## Problem description
Go to the line holding "by move=> i; apply: addr_ge0;" in the entries below and write out exactly every line down to and including the line holding "by apply: eq_bigr => i _; rewrite /g; ring.".

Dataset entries
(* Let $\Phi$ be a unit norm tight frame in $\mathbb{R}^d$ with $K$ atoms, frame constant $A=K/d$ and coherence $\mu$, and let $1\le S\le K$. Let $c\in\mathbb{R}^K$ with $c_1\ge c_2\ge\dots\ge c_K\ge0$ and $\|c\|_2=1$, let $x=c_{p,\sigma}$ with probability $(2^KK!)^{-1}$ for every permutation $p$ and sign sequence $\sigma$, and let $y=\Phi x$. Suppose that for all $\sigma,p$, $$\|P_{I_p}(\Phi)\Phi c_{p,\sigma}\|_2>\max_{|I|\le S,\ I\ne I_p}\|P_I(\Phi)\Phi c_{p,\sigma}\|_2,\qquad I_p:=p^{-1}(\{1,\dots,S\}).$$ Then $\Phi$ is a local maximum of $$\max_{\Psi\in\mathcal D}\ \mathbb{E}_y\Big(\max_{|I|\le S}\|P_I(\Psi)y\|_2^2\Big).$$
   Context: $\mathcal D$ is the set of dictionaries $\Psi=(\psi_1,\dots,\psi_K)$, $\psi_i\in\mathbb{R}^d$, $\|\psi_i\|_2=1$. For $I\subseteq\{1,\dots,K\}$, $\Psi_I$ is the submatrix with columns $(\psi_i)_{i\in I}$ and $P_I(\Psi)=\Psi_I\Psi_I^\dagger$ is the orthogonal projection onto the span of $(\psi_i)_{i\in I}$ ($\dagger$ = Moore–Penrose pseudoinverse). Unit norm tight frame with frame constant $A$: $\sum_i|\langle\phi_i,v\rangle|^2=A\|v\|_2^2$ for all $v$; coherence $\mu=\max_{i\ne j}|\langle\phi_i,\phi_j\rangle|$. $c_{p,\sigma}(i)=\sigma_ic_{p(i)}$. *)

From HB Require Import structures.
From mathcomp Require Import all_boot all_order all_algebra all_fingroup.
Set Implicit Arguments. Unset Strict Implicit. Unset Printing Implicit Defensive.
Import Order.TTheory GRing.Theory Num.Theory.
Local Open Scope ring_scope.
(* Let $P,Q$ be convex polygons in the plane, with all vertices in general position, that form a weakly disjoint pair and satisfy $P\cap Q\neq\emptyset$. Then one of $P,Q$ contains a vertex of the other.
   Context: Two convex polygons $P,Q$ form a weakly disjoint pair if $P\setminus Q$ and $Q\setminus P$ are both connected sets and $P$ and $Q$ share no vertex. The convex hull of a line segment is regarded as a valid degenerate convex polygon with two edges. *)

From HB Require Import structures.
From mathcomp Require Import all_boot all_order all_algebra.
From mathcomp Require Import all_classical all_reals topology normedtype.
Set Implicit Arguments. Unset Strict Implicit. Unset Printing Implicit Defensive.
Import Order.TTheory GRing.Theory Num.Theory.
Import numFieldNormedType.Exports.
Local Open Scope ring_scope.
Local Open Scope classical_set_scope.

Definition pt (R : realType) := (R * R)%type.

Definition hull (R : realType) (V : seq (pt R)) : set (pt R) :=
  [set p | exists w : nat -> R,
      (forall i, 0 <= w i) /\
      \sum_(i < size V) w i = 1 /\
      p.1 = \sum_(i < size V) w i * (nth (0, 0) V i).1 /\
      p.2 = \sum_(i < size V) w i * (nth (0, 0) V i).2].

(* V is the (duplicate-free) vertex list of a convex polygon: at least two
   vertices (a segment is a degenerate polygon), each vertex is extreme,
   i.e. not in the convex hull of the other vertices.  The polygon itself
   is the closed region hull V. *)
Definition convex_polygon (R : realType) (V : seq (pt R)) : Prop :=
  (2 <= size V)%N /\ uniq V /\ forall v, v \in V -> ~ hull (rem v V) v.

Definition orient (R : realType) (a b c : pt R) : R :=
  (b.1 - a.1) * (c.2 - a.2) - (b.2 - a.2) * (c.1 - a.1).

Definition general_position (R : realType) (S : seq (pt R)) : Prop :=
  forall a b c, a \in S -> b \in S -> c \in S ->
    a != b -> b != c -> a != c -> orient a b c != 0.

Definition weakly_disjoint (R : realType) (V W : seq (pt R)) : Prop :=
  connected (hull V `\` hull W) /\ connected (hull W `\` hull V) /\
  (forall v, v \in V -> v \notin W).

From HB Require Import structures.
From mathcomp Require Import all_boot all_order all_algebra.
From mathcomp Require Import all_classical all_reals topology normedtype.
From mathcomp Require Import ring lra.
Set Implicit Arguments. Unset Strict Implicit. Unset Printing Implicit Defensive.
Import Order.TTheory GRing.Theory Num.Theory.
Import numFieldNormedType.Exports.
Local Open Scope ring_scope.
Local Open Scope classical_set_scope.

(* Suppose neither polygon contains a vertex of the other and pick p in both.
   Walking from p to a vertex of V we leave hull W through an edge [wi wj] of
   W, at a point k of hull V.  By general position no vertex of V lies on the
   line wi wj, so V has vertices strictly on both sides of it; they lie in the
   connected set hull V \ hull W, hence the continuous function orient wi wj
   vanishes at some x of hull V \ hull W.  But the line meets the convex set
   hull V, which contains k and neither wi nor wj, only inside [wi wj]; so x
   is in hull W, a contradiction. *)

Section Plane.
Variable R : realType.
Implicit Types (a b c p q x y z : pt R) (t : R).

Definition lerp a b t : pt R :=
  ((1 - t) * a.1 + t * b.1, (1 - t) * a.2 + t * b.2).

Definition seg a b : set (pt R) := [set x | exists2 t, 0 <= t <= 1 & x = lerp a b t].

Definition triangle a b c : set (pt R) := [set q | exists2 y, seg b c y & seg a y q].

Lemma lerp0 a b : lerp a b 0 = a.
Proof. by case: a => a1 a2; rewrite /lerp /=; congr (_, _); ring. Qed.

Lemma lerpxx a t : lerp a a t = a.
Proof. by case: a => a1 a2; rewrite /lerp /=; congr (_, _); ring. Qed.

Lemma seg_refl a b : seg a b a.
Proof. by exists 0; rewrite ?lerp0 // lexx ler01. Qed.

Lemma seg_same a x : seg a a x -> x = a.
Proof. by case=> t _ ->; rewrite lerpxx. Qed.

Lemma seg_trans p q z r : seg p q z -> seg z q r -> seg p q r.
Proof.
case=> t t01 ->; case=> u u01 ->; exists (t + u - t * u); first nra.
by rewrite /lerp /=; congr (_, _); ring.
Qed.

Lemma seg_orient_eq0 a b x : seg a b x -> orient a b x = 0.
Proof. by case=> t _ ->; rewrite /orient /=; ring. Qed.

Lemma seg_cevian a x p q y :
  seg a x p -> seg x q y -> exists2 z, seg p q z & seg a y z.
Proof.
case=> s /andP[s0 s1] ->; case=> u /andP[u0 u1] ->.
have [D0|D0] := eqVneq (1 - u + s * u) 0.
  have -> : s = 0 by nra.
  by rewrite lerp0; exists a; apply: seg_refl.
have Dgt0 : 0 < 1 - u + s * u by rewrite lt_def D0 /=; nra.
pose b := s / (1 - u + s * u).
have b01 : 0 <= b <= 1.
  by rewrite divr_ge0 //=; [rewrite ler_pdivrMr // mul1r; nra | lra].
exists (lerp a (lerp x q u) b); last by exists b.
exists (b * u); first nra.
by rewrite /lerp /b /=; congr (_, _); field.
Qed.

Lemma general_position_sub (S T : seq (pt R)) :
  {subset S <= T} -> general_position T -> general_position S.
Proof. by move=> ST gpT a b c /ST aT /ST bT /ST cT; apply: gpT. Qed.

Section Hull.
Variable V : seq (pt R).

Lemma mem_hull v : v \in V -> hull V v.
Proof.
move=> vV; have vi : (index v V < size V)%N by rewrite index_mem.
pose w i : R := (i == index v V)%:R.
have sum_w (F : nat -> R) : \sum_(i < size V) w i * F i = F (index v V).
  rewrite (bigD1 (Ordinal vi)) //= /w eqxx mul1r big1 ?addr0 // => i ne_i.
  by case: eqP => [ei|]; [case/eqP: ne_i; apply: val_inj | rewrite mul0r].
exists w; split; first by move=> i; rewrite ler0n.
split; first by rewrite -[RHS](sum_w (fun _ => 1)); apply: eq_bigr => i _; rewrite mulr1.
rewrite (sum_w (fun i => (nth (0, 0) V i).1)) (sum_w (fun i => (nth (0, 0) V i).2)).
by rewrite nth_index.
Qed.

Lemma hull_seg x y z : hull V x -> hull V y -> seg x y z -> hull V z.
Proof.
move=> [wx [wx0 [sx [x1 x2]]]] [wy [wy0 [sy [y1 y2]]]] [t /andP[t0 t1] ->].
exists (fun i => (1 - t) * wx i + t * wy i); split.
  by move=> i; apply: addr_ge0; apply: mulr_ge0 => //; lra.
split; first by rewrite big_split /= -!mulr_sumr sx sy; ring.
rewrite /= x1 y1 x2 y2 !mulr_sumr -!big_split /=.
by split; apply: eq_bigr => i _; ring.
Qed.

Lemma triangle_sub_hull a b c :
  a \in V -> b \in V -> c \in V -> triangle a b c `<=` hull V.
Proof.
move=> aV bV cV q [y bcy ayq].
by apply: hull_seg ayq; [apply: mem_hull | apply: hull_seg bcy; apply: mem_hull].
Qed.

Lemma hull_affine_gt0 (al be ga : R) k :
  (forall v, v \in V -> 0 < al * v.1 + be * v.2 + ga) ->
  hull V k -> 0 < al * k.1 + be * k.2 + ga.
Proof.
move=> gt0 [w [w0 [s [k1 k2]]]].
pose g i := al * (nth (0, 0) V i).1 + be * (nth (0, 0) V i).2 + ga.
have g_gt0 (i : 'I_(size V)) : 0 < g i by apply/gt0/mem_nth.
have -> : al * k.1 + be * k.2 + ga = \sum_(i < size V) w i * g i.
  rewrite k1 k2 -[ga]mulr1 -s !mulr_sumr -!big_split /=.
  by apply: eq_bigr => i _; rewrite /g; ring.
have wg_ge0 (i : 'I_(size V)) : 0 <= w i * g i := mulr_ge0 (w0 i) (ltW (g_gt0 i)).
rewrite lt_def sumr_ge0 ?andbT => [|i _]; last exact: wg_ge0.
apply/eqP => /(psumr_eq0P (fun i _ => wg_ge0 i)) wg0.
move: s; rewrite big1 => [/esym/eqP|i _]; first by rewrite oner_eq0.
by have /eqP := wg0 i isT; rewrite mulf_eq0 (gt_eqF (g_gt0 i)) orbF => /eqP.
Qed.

==

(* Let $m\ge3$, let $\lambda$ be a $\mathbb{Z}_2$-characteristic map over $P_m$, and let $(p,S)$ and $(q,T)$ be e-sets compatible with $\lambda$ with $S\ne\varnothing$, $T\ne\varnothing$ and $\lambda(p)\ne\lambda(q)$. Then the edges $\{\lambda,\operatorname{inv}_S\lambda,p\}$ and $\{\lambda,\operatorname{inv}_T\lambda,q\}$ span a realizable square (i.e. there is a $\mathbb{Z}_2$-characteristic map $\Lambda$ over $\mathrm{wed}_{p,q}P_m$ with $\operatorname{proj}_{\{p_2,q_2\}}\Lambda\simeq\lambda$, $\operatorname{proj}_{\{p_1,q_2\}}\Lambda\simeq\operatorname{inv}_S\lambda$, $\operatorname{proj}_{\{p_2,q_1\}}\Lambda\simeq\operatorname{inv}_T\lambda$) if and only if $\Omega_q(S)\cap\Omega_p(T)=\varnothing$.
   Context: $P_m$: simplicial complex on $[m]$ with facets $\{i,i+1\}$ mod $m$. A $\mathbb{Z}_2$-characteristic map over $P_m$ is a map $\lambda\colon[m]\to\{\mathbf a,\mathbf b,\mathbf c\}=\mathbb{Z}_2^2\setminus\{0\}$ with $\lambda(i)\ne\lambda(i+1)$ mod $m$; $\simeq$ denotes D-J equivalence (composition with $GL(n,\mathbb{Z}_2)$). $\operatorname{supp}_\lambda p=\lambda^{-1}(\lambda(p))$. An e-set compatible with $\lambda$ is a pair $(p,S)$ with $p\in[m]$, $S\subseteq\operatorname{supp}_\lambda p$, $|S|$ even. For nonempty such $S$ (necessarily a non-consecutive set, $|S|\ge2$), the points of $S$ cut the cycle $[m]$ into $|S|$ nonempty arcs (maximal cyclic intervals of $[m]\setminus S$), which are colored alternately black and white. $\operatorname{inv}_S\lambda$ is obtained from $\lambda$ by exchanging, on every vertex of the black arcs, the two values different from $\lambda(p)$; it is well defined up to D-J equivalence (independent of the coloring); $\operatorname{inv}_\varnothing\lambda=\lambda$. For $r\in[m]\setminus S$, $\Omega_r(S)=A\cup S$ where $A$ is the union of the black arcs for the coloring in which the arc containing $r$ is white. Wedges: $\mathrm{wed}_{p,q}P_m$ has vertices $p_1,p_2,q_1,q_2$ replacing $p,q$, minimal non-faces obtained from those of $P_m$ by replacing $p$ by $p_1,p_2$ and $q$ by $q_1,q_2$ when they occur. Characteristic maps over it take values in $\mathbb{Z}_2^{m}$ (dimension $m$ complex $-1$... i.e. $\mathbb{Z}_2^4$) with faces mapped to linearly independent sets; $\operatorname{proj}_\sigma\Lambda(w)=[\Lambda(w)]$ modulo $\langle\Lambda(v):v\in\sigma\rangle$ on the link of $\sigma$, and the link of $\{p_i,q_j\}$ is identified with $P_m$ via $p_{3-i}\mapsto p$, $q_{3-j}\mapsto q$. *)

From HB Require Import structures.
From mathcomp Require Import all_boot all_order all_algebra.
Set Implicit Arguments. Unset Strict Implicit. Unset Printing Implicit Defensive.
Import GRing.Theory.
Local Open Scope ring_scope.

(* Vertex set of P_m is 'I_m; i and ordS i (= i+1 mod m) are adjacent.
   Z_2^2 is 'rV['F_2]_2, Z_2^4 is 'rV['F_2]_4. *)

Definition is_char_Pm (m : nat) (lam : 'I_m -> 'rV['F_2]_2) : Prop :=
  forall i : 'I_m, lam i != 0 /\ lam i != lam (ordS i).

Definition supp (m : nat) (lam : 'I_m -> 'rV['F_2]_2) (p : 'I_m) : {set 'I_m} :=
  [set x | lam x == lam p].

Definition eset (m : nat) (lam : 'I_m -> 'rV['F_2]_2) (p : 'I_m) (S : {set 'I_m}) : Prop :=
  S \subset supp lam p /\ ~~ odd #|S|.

## Expected answer
  by move=> i; apply: addr_ge0; apply: mulr_ge0 => //; lra.
split; first by rewrite big_split /= -!mulr_sumr sx sy; ring.
rewrite /= x1 y1 x2 y2 !mulr_sumr -!big_split /=.
by split; apply: eq_bigr => i _; ring.
Qed.

Lemma triangle_sub_hull a b c :
  a \in V -> b \in V -> c \in V -> triangle a b c `<=` hull V.
Proof.
move=> aV bV cV q [y bcy ayq].
by apply: hull_seg ayq; [apply: mem_hull | apply: hull_seg bcy; apply: mem_hull].
Qed.

Lemma hull_affine_gt0 (al be ga : R) k :
  (forall v, v \in V -> 0 < al * v.1 + be * v.2 + ga) ->
  hull V k -> 0 < al * k.1 + be * k.2 + ga.
Proof.
move=> gt0 [w [w0 [s [k1 k2]]]].
pose g i := al * (nth (0, 0) V i).1 + be * (nth (0, 0) V i).2 + ga.
have g_gt0 (i : 'I_(size V)) : 0 < g i by apply/gt0/mem_nth.
have -> : al * k.1 + be * k.2 + ga = \sum_(i < size V) w i * g i.
  rewrite k1 k2 -[ga]mulr1 -s !mulr_sumr -!big_split /=.
  by apply: eq_bigr => i _; rewrite /g; ring.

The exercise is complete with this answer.